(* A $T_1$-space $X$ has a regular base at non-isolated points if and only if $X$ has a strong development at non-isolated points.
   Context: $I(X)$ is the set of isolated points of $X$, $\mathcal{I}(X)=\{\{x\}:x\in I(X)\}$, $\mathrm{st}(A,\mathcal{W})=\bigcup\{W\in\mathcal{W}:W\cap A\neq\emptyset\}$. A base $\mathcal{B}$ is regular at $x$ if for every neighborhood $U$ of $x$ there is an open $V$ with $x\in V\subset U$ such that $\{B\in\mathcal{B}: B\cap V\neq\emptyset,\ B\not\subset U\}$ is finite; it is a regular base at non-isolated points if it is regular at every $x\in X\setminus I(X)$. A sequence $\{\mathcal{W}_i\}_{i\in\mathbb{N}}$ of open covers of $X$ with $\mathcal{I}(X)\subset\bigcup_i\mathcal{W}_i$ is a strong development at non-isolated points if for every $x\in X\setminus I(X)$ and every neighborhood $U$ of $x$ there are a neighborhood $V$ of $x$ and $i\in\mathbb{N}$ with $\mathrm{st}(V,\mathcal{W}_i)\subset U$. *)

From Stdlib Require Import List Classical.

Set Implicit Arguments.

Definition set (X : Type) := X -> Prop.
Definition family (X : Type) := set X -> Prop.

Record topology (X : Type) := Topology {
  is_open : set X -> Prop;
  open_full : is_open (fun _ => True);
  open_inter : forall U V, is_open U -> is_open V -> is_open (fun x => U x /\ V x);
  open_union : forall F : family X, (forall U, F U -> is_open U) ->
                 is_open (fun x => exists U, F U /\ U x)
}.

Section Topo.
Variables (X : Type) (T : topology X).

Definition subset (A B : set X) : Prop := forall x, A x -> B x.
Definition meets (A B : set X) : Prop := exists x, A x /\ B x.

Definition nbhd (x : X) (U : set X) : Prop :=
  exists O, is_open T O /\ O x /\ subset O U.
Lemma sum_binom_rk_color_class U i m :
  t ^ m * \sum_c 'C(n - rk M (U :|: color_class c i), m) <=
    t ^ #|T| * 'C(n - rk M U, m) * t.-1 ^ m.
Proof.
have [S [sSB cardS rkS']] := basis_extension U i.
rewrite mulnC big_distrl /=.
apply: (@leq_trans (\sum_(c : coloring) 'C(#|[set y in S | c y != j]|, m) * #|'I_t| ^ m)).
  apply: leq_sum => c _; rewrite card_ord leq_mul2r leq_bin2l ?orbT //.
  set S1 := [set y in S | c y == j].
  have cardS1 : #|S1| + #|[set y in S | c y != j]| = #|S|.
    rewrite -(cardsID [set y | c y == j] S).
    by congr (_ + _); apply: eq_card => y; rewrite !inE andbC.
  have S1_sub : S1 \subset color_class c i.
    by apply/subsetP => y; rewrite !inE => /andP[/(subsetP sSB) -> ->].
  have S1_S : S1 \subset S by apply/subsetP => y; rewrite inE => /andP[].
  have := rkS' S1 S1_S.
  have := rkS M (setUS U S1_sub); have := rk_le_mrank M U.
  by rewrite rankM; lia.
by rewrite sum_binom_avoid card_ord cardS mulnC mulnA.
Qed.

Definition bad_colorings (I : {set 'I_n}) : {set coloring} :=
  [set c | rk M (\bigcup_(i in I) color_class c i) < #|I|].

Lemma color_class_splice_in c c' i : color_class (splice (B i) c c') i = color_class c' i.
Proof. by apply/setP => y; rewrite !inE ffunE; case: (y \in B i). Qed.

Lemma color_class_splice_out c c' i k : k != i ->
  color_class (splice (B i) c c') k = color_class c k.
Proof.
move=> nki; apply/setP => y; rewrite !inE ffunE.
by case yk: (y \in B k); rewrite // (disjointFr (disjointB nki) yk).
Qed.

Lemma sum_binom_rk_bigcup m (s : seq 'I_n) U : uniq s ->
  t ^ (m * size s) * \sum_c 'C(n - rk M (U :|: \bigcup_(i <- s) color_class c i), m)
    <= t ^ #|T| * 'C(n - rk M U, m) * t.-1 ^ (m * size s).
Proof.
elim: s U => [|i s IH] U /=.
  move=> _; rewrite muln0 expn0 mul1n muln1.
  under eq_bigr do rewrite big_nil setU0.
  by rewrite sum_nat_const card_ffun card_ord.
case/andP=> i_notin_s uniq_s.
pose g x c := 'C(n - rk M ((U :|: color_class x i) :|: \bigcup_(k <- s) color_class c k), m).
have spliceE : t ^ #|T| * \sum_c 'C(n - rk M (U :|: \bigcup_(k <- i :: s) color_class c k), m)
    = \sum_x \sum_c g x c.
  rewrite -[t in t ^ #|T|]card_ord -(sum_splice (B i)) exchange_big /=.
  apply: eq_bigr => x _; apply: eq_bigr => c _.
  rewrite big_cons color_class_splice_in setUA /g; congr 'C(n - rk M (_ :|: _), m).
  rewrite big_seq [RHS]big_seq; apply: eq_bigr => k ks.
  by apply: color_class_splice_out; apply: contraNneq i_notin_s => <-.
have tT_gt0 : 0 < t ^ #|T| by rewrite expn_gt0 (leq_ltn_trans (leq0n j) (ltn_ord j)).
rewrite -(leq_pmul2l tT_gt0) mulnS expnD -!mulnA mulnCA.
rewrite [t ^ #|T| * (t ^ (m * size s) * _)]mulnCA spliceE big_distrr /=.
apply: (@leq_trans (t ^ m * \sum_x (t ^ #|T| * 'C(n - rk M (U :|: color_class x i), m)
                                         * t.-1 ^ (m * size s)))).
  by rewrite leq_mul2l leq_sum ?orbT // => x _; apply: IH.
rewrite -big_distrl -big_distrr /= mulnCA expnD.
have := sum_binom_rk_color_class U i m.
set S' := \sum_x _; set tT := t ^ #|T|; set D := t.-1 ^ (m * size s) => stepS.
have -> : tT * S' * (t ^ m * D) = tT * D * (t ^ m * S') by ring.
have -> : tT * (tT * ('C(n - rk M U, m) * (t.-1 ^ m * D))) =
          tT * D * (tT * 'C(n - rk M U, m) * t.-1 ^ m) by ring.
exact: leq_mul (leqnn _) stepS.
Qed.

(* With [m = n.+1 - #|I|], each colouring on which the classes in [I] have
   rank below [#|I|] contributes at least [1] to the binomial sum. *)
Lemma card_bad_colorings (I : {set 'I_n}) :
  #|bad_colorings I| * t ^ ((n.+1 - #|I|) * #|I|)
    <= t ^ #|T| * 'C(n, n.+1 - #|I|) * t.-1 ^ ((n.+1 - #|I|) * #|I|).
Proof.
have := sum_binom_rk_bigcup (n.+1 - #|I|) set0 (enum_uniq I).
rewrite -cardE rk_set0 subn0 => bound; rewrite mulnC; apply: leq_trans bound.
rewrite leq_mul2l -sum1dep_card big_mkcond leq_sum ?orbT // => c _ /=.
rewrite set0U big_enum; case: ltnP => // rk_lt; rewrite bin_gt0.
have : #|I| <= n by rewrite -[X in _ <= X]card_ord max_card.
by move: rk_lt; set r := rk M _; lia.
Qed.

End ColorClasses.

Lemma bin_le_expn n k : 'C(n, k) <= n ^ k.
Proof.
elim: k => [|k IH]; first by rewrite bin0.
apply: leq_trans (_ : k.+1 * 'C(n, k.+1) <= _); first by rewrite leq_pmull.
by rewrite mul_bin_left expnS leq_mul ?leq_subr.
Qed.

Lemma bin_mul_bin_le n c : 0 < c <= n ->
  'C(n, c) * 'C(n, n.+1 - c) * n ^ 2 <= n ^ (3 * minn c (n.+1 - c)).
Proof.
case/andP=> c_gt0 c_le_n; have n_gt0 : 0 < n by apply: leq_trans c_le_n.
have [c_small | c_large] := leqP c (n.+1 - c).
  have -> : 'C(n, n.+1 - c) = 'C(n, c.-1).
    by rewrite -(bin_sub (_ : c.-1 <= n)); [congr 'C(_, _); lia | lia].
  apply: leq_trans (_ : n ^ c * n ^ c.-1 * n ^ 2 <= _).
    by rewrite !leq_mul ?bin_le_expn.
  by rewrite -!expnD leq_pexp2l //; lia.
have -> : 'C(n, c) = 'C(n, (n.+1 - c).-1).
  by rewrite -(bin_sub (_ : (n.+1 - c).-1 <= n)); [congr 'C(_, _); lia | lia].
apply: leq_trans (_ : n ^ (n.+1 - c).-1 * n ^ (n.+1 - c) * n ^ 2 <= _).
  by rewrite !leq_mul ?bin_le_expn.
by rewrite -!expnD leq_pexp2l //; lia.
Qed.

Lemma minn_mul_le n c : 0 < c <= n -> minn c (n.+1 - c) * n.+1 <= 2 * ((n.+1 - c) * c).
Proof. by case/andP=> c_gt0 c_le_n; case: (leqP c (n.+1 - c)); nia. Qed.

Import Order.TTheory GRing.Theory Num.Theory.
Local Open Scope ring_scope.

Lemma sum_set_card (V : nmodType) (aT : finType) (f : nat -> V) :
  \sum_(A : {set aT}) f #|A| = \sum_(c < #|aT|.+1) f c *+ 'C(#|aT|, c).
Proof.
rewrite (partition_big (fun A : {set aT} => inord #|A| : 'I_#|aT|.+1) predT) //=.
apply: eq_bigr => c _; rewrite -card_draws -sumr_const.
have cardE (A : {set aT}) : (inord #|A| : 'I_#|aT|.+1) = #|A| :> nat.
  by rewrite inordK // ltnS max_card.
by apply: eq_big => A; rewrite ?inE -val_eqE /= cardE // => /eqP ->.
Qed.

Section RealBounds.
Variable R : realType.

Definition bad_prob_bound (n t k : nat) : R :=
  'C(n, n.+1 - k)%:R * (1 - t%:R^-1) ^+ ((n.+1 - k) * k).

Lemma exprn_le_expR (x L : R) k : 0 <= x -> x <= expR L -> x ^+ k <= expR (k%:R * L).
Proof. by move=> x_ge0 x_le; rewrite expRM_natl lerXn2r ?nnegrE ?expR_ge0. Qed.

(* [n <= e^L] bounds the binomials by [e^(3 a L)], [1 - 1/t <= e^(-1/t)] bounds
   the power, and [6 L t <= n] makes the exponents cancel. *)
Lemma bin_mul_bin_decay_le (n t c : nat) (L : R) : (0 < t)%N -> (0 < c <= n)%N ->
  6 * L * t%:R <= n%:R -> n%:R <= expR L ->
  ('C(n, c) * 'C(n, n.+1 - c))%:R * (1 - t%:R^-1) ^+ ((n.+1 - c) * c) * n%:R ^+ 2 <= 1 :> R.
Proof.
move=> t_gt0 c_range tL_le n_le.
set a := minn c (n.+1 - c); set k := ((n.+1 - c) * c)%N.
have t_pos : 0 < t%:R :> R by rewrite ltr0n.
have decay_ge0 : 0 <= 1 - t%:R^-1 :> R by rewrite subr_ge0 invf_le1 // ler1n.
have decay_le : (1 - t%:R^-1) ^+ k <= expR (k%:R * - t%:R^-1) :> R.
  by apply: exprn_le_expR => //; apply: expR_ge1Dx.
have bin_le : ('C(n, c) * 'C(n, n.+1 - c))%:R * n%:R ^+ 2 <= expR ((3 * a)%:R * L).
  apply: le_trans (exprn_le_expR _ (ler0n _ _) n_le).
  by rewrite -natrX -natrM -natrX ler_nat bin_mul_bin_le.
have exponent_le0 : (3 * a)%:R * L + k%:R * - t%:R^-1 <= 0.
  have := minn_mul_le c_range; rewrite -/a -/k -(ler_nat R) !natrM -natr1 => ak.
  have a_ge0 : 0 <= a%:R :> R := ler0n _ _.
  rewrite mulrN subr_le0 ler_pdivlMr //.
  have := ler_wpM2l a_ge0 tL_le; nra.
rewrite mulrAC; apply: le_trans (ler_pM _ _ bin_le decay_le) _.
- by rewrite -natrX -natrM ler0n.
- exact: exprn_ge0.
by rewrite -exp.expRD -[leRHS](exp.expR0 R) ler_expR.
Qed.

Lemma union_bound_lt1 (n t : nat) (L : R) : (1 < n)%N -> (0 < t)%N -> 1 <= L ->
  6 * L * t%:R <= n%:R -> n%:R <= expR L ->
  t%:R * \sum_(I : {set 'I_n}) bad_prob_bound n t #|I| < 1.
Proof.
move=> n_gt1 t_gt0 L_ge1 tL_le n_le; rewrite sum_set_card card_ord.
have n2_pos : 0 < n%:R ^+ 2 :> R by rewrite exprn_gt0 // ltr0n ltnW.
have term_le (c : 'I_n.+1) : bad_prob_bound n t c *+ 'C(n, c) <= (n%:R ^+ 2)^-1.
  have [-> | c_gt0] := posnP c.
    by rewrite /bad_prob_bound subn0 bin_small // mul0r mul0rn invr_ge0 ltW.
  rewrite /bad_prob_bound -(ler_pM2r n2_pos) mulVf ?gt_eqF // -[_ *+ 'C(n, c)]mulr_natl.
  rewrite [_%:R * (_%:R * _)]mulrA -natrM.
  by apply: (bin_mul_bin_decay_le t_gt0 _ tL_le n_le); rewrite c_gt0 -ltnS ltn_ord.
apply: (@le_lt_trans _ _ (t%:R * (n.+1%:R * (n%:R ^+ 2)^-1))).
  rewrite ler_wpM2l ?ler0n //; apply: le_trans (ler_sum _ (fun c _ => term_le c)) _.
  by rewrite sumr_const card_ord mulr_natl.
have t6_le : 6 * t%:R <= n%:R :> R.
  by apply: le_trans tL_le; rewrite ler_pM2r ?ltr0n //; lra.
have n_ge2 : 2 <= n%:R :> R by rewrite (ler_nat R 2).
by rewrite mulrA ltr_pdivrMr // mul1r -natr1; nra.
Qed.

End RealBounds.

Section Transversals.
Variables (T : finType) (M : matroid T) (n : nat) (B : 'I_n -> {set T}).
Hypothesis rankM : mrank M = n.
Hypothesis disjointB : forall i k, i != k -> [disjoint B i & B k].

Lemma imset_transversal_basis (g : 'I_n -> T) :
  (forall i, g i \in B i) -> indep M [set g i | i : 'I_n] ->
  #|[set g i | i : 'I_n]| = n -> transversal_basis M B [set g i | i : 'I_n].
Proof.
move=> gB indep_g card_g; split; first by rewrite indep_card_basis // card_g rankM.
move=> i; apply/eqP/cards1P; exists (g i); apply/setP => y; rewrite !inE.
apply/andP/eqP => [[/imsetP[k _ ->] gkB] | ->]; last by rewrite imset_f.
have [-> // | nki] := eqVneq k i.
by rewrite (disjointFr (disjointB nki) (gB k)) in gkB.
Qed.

----------------

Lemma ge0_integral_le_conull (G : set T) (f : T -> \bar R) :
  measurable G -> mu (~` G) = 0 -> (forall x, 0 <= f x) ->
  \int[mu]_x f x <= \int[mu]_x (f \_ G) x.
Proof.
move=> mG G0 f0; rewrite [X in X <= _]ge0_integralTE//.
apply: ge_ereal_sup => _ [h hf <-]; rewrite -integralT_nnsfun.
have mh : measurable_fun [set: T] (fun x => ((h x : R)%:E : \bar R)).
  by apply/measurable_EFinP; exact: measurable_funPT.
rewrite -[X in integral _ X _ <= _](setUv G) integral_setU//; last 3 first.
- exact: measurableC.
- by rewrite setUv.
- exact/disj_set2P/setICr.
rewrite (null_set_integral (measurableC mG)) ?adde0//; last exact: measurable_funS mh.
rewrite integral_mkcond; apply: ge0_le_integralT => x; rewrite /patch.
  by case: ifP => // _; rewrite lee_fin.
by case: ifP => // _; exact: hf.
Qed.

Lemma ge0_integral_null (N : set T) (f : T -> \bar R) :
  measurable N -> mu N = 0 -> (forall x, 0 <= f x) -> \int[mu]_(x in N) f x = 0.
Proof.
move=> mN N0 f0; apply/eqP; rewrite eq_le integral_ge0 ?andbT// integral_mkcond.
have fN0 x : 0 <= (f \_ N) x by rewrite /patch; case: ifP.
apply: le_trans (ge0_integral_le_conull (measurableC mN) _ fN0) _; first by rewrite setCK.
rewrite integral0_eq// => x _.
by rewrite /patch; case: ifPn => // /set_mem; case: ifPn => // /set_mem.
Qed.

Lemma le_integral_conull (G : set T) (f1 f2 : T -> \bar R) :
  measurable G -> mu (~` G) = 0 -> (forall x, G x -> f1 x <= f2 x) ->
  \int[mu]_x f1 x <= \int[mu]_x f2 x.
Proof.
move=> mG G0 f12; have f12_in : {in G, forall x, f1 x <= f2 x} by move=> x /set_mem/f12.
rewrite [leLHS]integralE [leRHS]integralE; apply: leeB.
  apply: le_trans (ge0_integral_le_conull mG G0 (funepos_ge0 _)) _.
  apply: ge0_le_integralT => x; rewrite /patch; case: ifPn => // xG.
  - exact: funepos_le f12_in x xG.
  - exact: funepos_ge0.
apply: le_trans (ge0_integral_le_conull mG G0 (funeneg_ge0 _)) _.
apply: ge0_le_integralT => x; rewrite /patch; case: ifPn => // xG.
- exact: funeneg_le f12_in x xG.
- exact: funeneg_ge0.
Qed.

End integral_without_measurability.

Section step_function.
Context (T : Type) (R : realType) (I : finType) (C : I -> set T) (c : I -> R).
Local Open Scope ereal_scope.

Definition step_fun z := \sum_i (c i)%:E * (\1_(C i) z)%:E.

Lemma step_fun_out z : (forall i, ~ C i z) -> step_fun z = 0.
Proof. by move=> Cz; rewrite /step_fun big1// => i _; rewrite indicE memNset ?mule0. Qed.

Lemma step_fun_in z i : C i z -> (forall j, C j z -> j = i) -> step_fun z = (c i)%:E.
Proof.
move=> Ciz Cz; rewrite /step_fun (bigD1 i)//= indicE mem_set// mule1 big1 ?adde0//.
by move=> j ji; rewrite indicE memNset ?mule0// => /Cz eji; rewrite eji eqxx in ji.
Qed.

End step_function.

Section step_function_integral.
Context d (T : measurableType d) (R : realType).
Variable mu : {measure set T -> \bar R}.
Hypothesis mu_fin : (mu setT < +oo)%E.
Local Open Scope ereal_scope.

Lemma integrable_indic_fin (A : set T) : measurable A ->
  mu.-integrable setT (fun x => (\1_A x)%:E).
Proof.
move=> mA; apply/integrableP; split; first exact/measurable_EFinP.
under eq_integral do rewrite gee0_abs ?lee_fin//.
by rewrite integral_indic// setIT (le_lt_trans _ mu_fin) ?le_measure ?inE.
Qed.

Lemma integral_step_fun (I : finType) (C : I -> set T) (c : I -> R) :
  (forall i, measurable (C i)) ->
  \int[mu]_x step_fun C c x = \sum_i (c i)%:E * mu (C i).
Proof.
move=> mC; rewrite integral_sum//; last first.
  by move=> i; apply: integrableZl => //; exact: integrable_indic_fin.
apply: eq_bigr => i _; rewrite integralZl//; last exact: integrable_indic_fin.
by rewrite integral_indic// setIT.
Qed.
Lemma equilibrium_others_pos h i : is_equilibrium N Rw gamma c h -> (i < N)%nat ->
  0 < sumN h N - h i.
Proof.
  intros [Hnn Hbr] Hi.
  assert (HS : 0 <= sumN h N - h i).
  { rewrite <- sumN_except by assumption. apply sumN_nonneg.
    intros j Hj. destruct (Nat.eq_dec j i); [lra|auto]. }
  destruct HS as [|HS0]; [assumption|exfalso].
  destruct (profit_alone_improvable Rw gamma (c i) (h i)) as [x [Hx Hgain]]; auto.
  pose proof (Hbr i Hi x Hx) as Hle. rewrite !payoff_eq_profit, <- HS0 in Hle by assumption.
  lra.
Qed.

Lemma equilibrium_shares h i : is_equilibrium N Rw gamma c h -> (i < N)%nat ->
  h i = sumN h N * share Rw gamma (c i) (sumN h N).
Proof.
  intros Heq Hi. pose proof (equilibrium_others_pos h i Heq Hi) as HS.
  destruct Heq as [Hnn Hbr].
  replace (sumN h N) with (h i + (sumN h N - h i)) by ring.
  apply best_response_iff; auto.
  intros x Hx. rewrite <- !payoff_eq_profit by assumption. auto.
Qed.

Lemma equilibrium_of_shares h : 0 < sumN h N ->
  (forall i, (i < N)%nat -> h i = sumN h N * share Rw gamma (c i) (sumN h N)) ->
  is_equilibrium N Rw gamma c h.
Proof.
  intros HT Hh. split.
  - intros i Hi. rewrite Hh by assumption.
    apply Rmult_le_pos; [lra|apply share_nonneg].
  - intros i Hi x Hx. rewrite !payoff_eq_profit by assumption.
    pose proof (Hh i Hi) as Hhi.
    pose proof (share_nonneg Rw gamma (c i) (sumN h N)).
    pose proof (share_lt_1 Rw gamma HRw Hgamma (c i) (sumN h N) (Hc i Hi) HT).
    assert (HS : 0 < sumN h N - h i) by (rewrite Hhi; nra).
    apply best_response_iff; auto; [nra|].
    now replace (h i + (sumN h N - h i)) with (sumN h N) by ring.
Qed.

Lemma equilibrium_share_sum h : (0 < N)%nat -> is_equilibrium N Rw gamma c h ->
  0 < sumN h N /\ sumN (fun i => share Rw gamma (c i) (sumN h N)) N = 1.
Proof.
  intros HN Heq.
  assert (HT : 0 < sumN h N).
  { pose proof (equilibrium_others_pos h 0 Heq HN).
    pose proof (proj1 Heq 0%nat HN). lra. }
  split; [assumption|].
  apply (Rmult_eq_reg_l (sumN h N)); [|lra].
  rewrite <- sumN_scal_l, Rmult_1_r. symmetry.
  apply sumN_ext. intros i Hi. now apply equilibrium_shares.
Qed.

----------------

**Exercise objective**
Of the entries above, repeat exactly the lines from the line with "Lemma union_bound_lt1 (n" through the line with "apply: (@le_lt_trans _", both of them included.

**Answer for the task**
Lemma union_bound_lt1 (n t : nat) (L : R) : (1 < n)%N -> (0 < t)%N -> 1 <= L ->
  6 * L * t%:R <= n%:R -> n%:R <= expR L ->
  t%:R * \sum_(I : {set 'I_n}) bad_prob_bound n t #|I| < 1.
Proof.
move=> n_gt1 t_gt0 L_ge1 tL_le n_le; rewrite sum_set_card card_ord.
have n2_pos : 0 < n%:R ^+ 2 :> R by rewrite exprn_gt0 // ltr0n ltnW.
have term_le (c : 'I_n.+1) : bad_prob_bound n t c *+ 'C(n, c) <= (n%:R ^+ 2)^-1.
  have [-> | c_gt0] := posnP c.
    by rewrite /bad_prob_bound subn0 bin_small // mul0r mul0rn invr_ge0 ltW.
  rewrite /bad_prob_bound -(ler_pM2r n2_pos) mulVf ?gt_eqF // -[_ *+ 'C(n, c)]mulr_natl.
  rewrite [_%:R * (_%:R * _)]mulrA -natrM.
  by apply: (bin_mul_bin_decay_le t_gt0 _ tL_le n_le); rewrite c_gt0 -ltnS ltn_ord.
apply: (@le_lt_trans _ _ (t%:R * (n.+1%:R * (n%:R ^+ 2)^-1))).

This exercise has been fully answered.